If any of the following symptoms of overdose occur while taking hydrochlorothiazide / metoprolol, get emergency help immediately:

Symptoms of overdose
  • Blurred vision
  • burning, crawling, itching, numbness, prickling, "pins and needles", or tingling feelings
  • chemical imbalance in the blood
  • cold, clammy skin
  • coma
  • confusion
  • cough
  • difficulty with breathing
  • dilated neck veins
  • dizziness, faintness, or lightheadedness when getting up suddenly from a lying or sitting position
  • drowsiness
  • extreme fatigue
  • fast or pounding heartbeat or pulse
  • frequent urination
  • headache
  • increased volume of pale, dilute urine
  • irregular breathing
  • irritability
  • mood changes
  • noisy breathing
  • not able to pass urine
  • pain or aching in the lower legs
  • pain or weakness in the hands or feet
  • seizures
  • sweating
  • trembling
  • unconsciousness
  • very drowsy or sleepy
  • weak pulse
  • weakness and heaviness of the legs
  • weight gain

Some of the side effects that can occur with hydrochlorothiazide / metoprolol may not need medical attention. As your body adjusts to the medicine during treatment these side effects may go away. Your health care professional may also be able to tell you about ways to reduce or prevent some of these side effects. If any of the following side effects continue, are bothersome or if you have any questions about them, check with your health care professional:

More common
  • Chills
  • diarrhea
  • feeling of constant movement of self or surroundings
  • fever
  • general feeling of discomfort or illness
  • muscle aches
  • nightmares
  • runny nose
  • sensation of spinning
  • shivering
  • sleepiness
  • sore throat
  • trouble sleeping
  • unusual drowsiness, dullness, or feeling of sluggishness
Less common
  • Continuing ringing or buzzing or other unexplained noise in the ears
  • decreased interest in sexual intercourse
  • difficulty having a bowel movement (stool)
  • earache
  • hearing loss
  • inability to have or keep an erection
  • loss in sexual ability, desire, drive, or performance
  • pinpoint red or purple spots on the skin
  • weight loss

For Healthcare Professionals

Applies to hydrochlorothiazide / metoprolol: oral tablet, oral tablet extended release


Cardiovascular side effects associated with metoprolol reported in 3% of patients have included bradycardia and dyspnea. AV heart block, syncope, chest pain, hypotension, cold extremities, palpitations, peripheral edema, coronary artery spasm, congestive heart failure, and arterial insufficiency (usually of the Raynaud type) have been reported in 1% of patients. Very rarely, gangrene has been reported in patients with severe preexisting peripheral circulatory disorders.

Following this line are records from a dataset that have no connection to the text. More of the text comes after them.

(* Let P be the plane spanned by the triangle abc. Two disjoint lines L, N of P are
   parallel: the k parallels to L through a point x of N inside the plane spanned by
   x and L are already all k parallels to L through x inside P, so N is one of them
   and lies in that plane.
   Take a parallel M to ab through c. Among the k parallels to bc through a, one must
   meet M: otherwise they, together with ab (which meets bc), would be k + 1 parallels
   to M through a. The intersection point is the fourth vertex d. *)
From Stdlib Require Import List Arith Lia Classical.
Import ListNotations.

Section Counting.
Context {T : Type}.

Lemma set_eq_sym (A B : T -> Prop) : set_eq A B -> set_eq B A.
Proof. intros H z; specialize (H z); tauto. Qed.

Lemma set_eq_trans (A B C : T -> Prop) : set_eq A B -> set_eq B C -> set_eq A C.
Proof. intros H H' z; specialize (H z); specialize (H' z); tauto. Qed.

Definition pairwise_distinct (l : list (T -> Prop)) : Prop :=
  forall i j, i < length l -> j < length l -> i <> j ->
    ~ set_eq (nth i l (fun _ => False)) (nth j l (fun _ => False)).

Lemma pigeonhole_rel n : forall m (R : nat -> nat -> Prop),
  (forall i, i < n -> exists j, j < m /\ R i j) ->
  (forall i i' j, i < n -> i' < n -> R i j -> R i' j -> i = i') -> n <= m.
Proof.
  induction n as [|n IH]; intros m R Hex Hinj; [lia|].
  destruct (Hex n ltac:(lia)) as [j0 [Hj0 Rj0]].
  (* drop the hole [j0] by shifting the holes above it down by one *)
  assert (n <= m - 1); [|lia].
  apply (IH (m - 1) (fun i j => R i (if j <? j0 then j else S j))).
  - intros i Hi. destruct (Hex i ltac:(lia)) as [j [Hj Rj]].
    destruct (Nat.lt_trichotomy j j0) as [Hlt|[->|Hgt]].
    + exists j. rewrite (proj2 (Nat.ltb_lt j j0) Hlt). split; [lia|exact Rj].
    + pose proof (Hinj i n j0 ltac:(lia) ltac:(lia) Rj Rj0); lia.
    + exists (j - 1). rewrite (proj2 (Nat.ltb_ge (j - 1) j0)) by lia.
      replace (S (j - 1)) with j by lia. split; [lia|exact Rj].
  - intros i i' j Hi Hi'. apply Hinj; lia.
Qed.

Lemma exactly_n_list (Q : (T -> Prop) -> Prop) k : exactly_n Q k ->
  exists l, length l = k /\ pairwise_distinct l /\ forall A, In A l -> Q A.
Proof.
  intros [l [Hl [Hd [HQ _]]]]. exists l. split; [exact Hl|split; [|exact HQ]].
  intros i j. rewrite Hl. apply Hd.
Qed.

Lemma exactly_n_bound (Q : (T -> Prop) -> Prop) k l : exactly_n Q k ->
  pairwise_distinct l -> (forall A, In A l -> Q A) -> length l <= k.
Proof.
  intros [l' [Hl' [_ [_ Hcov]]]] Hd HQ. rewrite <- Hl'.
  apply (pigeonhole_rel _ _
    (fun i j => set_eq (nth i l (fun _ => False)) (nth j l' (fun _ => False)))).
  - intros i Hi. destruct (Hcov _ (HQ _ (nth_In _ (fun _ => False) Hi))) as [B [HB HAB]].
    destruct (In_nth _ _ (fun _ => False) HB) as [j [Hj <-]]. eauto.
  - intros i i' j Hi Hi' H H'. apply NNPP; intro Hii'.
    apply (Hd i i' Hi Hi' Hii'), (set_eq_trans _ _ _ H), set_eq_sym, H'.
Qed.

Lemma pairwise_distinct_snoc l A : pairwise_distinct l ->
  (forall B, In B l -> ~ set_eq A B) -> pairwise_distinct (l ++ [A]).
Proof.
  intros Hd Hnew.
  assert (Hnth : forall i, i < length l ->
    nth i (l ++ [A]) (fun _ => False) = nth i l (fun _ => False))
    by (intros; apply app_nth1; lia).
  assert (Hlast : nth (length l) (l ++ [A]) (fun _ => False) = A)
    by (rewrite app_nth2, Nat.sub_diag by lia; reflexivity).
  intros i j. rewrite length_app; simpl. intros Hi Hj Hij.
  destruct (Nat.eq_dec i (length l)) as [->|Hi'];
    destruct (Nat.eq_dec j (length l)) as [->|Hj']; try congruence;
    rewrite ?Hlast, ?Hnth by lia.
  - apply Hnew, nth_In; lia.
  - intro H. apply (Hnew (nth i l (fun _ => False))); [apply nth_In; lia|].
    apply set_eq_sym, H.
  - apply Hd; lia.
Qed.

Lemma exactly_n_complete (Q : (T -> Prop) -> Prop) k l A : exactly_n Q k ->
  length l = k -> pairwise_distinct l -> (forall B, In B l -> Q B) -> Q A ->
  exists B, In B l /\ set_eq A B.
Proof.
  intros Hk Hl Hd HQ QA. apply NNPP; intro Hnew.
  assert (Hbound : length (l ++ [A]) <= k).
  { apply (exactly_n_bound Q); auto.
    - apply pairwise_distinct_snoc; eauto.
    - intros B HB. apply in_app_or in HB. destruct HB as [|[<-|[]]]; auto. }
  rewrite length_app in Hbound; simpl in Hbound; lia.
Qed.

End Counting.

Section Liner.
Context {T : Type} (Lines : (T -> Prop) -> Prop).
Hypothesis HX : is_liner Lines.

Definition triple (x p q : T) : T -> Prop := fun z => z = x \/ z = p \/ z = q.

Definition collinear (S : T -> Prop) : Prop := rank_le Lines S 2.

Definition disjoint (A B : T -> Prop) : Prop := forall z, A z -> ~ B z.

Definition parallel_through (P L : T -> Prop) (x : T) (M : T -> Prop) : Prop :=
  Lines M /\ M x /\ subset M (fun z => P z /\ ~ L z).

Lemma line_through_eq u v L : u <> v -> Lines L -> L u -> L v ->
  set_eq (line_through Lines u v) L.
Proof.
  destruct HX as [_ [Huniq _]]. intros Huv HL Lu Lv z; split.
  - intros [->|[_ [L' [HL' [L'u [L'v L'z]]]]]]; [exact Lu|].
    exact (proj1 (Huniq u v L' L Huv HL' HL L'u L'v Lu Lv z) L'z).
  - intro Lz. right. split; [exact Huv|]. exists L; auto.
Qed.

Lemma flat_hull_flat A : flat Lines (flat_hull Lines A).
Proof. intros x y Hx Hy z Hz F HF HA. apply (HF x y); [apply Hx|apply Hy|]; auto. Qed.

Lemma subset_flat_hull A : subset A (flat_hull Lines A).
Proof. intros z Hz F _ HA; auto. Qed.

Lemma flat_hull_min A F : flat Lines F -> subset A F -> subset (flat_hull Lines A) F.
Proof. intros HF HA z Hz; apply Hz; auto. Qed.

Lemma flat_hull_mono A B : subset A B -> subset (flat_hull Lines A) (flat_hull Lines B).
Proof.
  intros HAB. apply flat_hull_min; [apply flat_hull_flat|].
  intros z Hz; apply subset_flat_hull, HAB, Hz.
Qed.

Lemma singleton_flat u : flat Lines (fun z => z = u).
Proof. intros x y -> -> z [->|[Hne _]]; [reflexivity|congruence]. Qed.

Lemma line_flat L : Lines L -> flat Lines L.
Proof.
  intros HL x y Lx Ly z [->|[Hxy [L' [HL' [L'x [L'y L'z]]]]]]; [exact Lx|].
  destruct HX as [_ [Huniq _]].
  exact (proj1 (Huniq x y L' L Hxy HL' HL L'x L'y Lx Ly z) L'z).
Qed.

Lemma line_subset_flat F L p q : flat Lines F -> F p -> F q -> p <> q ->
  Lines L -> L p -> L q -> subset L F.
Proof.
  intros HF Fp Fq Hpq HL Lp Lq z Lz.
  apply (HF p q Fp Fq), (line_through_eq p q L); auto.
Qed.

Lemma collinear_subset S S' : subset S' S -> collinear S -> collinear S'.
Proof. intros H [B [HB HS]]. exists B. split; [exact HB|]. intros z Hz; auto. Qed.

Lemma collinear_triple_of_line x p q L : Lines L -> L x -> L p -> L q ->
  collinear (triple x p q).
Proof.
  intros HL Lx Lp Lq. destruct (classic (p = q)) as [<-|Hpq].
  - exists [x; p]. split; [simpl; lia|].
    intros z Hz. apply subset_flat_hull. simpl. unfold triple in Hz. intuition.
  - exists [p; q]. split; [simpl; lia|].
    intros z Hz. apply (line_subset_flat _ L p q); auto.
    + apply flat_hull_flat.
    + apply subset_flat_hull; simpl; auto.
    + apply subset_flat_hull; simpl; auto.
    + unfold triple in Hz; intuition congruence.
Qed.

Lemma collinear_on_line x p q L : collinear (triple x p q) -> p <> q ->
  Lines L -> L p -> L q -> L x.
Proof.
  intros [B [HB Hsub]] Hpq HL Lp Lq.
  assert (Hpoint :
    forall u, ~ subset (flat_hull Lines (fun z => In z B)) (fun z => z = u)).
  { intros u H. apply Hpq. rewrite (H p), (H q); auto; apply Hsub; unfold triple; auto. }
  destruct B as [|u [|v [|w B]]]; simpl in HB; try lia.
  - exfalso. refine (Hsub x _ (fun _ => False) _ _); [left; reflexivity|intros ? ? []|].
    intros ? [].
  - exfalso. apply (Hpoint u), flat_hull_min; [apply singleton_flat|].
    intros z [<-|[]]; reflexivity.
  - destruct (classic (u = v)) as [<-|Huv].
    + exfalso. apply (Hpoint u), flat_hull_min; [apply singleton_flat|].
      intros z [<-|[<-|[]]]; reflexivity.
    + destruct HX as [Hex [Huniq _]].
      destruct (Hex u v Huv) as [L0 [HL0 [L0u L0v]]].
      assert (HL0sub : subset (triple x p q) L0).
      { intros z Hz.
        apply (flat_hull_min (fun w => In w [u; v]) L0 (line_flat L0 HL0)), Hsub, Hz.
        intros w [<-|[<-|[]]]; assumption. }
      apply (Huniq p q L0 L Hpq HL0 HL); auto; apply HL0sub; unfold triple; auto.
Qed.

Rarely, HCTZ-induced hypokalemia or hyponatremia have been associated with significant cardiac arrhythmias including ventricular ectopy and complete AV heart block.

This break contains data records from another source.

Lemma ext_br_lie : is_lie (ext_br brh D).
Proof.
have [br_bil [br_alt br_jacobi]] := lie; have [D_lin D_leibniz] := D_der.
split; first split.
- move=> a [s x] [t y] [r z]; rewrite /ext_br /= scale_pairE add_pairE.
  congr pair; first by rewrite scaler0 addr0.
  rewrite (brDl br_bil) (brZl br_bil) (linD D_lin) (linZ D_lin).
  apply: coord_vbasis_inj => i; rewrite !linearE ?linearN /= ?scale_regularE; ring.
- move=> a [s x] [t y] [r z]; rewrite /ext_br /= scale_pairE add_pairE.
  congr pair; first by rewrite scaler0 addr0.
  rewrite (brDr br_bil) (brZr br_bil) (linD D_lin) (linZ D_lin).
  apply: coord_vbasis_inj => i; rewrite !linearE ?linearN /= ?scale_regularE; ring.
split; first by move=> [s x]; rewrite /ext_br /= br_alt add0r subrr.
move=> [s x] [t y] [r z]; rewrite /ext_br /= !add_pairE [RHS]zero_pairE.
congr pair; first by rewrite !addr0.
rewrite !scale0r !subr0 !(brDr br_bil) !(brNr br_bil) !(brZr br_bil).
rewrite !(linD D_lin) !(linN D_lin) !(linZ D_lin) !D_leibniz.
rewrite (bracket_skew br_bil br_alt z (D y)) (bracket_skew br_bil br_alt x (D z)).
rewrite (bracket_skew br_bil br_alt y (D x)).
have -> : brh z (brh x y) = - (brh x (brh y z) + brh y (brh z x)).
  by apply/eqP; rewrite -subr_eq0 opprK addrC br_jacobi.
apply: coord_vbasis_inj => i; rewrite !linearE ?linearN /= ?scale_regularE; ring.
Qed.

Variables (alpha : R) (Om : H -> H -> R).
Hypotheses (Om_form : two_form Om) (Om_closed : forall x y z, d2 brh Om x y z = 0).
Hypothesis D_inf : inf_symplectic Om (fun x => D x + alpha *: x).

Definition ext_eta (p : (R^o * H)%type) : R := p.1.
Definition ext_form (p q : (R^o * H)%type) : R := Om p.2 q.2.

Lemma ext_form_d2 p q r :
  d2 (ext_br brh D) ext_form p q r = 2 * alpha * wedge12 ext_eta ext_form p q r.
Proof.
have [D_lin _] := D_der.
have D_skew u v : Om (D u) v = Om (D v) u - 2 * alpha * Om u v.
  have := D_inf u v; rewrite (omDl Om_form) (omDr Om_form) (omZl Om_form) (omZr Om_form).
  by rewrite (two_form_skew Om_form u (D v)) => D_uv; rewrite -[LHS]subr0 -D_uv; ring.
have cyclic_zx x y z : Om (brh z x) y = - Om (brh x y) z - Om (brh y z) x.
  by rewrite -[LHS]addr0 -(Om_closed x y z) /d2; ring.
case: p q r => [s x] [t y] [r z]; rewrite /d2 /wedge12 /ext_form /ext_eta /ext_br /=.
rewrite !(omDl Om_form) ?(omNl Om_form) !(omZl Om_form).
rewrite (D_skew z y) (D_skew z x) (D_skew x y) cyclic_zx.
rewrite (two_form_skew Om_form z y); ring.
Qed.

Lemma ext_reeb : is_reeb ext_eta ext_form (1, 0).
Proof. by split=> // y; rewrite /ext_form /= (om0l Om_form). Qed.

Lemma ext_eta_omega_pow_neq0 n (v : 'I_(n.*2) -> H) : omega_pow Om v != 0 ->
  exists w : 'I_(n.*2.+1) -> _, eta_omega_pow ext_eta ext_form w != 0.
Proof.
move=> v_nondeg.
pose w (j : 'I_(n.*2.+1)) : (R^o * H)%type :=
  if unlift ord0 j is Some k then (0, v k) else (1, 0).
exists w; rewrite eta_omega_pow_expand (bigD1 ord0) //= big1 ?addr0.
  rewrite /w unlift_none expr0 !mul1r /ext_eta /=.
  rewrite (eq_omega_pow (om := ext_form) (om' := Om) (v := w \o lift ord0) (w := v)) // => a b.
  by rewrite /w /= !liftK.
move=> j j_neq0; rewrite /w /ext_eta.
by case: unliftP j_neq0 => [k _|->] //=; rewrite ?eqxx // mulr0 mul0r.
Qed.

Lemma ext_alpha_cosymplectic n : (exists v : 'I_(n.*2) -> H, omega_pow Om v != 0) ->
  alpha_cosymplectic n (ext_br brh D) alpha ext_eta ext_form.
Proof.
move=> [v v_nondeg]; split; last split; last exact: ext_form_d2.
  split; first by [].
  split; last exact: ext_eta_omega_pow_neq0 v_nondeg.
  split; first by move=> a p q r; rewrite /ext_form /= (omDl Om_form) (omZl Om_form).
  split; first by move=> a p q r; rewrite /ext_form /= (omDr Om_form) (omZr Om_form).
  by case: Om_form => _ [_ Om_alt] p; apply: Om_alt.
by move=> p q; rewrite /d1 oppr0.
Qed.

End SemidirectExtension.

Lemma dim_ext (R : fieldType) (H : vectType R) : \dim {:(R^o * H)%type} = (\dim {:H}).+1.
Proof. by rewrite dimvf /= dimvf. Qed.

A 53-year-old male with hyperlipidemia, hypertension, single-vessel coronary artery disease, and tobacco abuse developed documented right coronary artery spasm inducible by intravenous ergonovine and made more inducible with intravenous metoprolol. The authors believe that, since beta-blockade may result in unopposed alpha stimulation, the use of metoprolol (and other beta-blockers) are controversial in patients with coronary artery spasm (variant angina pectoris).


Metabolic side effects associated with metoprolol have included significant increases in VLDL cholesterol and total serum triglycerides, and significant decreases in HDL cholesterol. A case of hyperkalemia has been reported. Very rarely, weight gain has also been reported.

Metabolic side effects are commonly associated with daily HCTZ doses of 50 mg or more. Mild hypokalemia (decrease of 0.5 mEq/L) have occurred in up to 50% of patients, and have predisposed patients to cardiac arrhythmias. Metabolic alkalosis, hyponatremia, hypomagnesemia, hypercalcemia, hyperglycemia, and elevated serum uric acid levels have been commonly reported.

Severe and symptomatic hyperkalemia associated with metoprolol has been reported in a 45-year-old male with diabetes, hypertension, and dialysis-dependent diabetic nephropathy. Cellular potassium channels are beta-receptor mediated.

Since HCTZ may increase total serum cholesterol by 11%, LDL lipoprotein cholesterol by 12%, and VLDL lipoprotein cholesterol levels by 50%, and may reduce insulin secretion, it should be used with caution in diabetic patients and in those with hypercholesterolemia.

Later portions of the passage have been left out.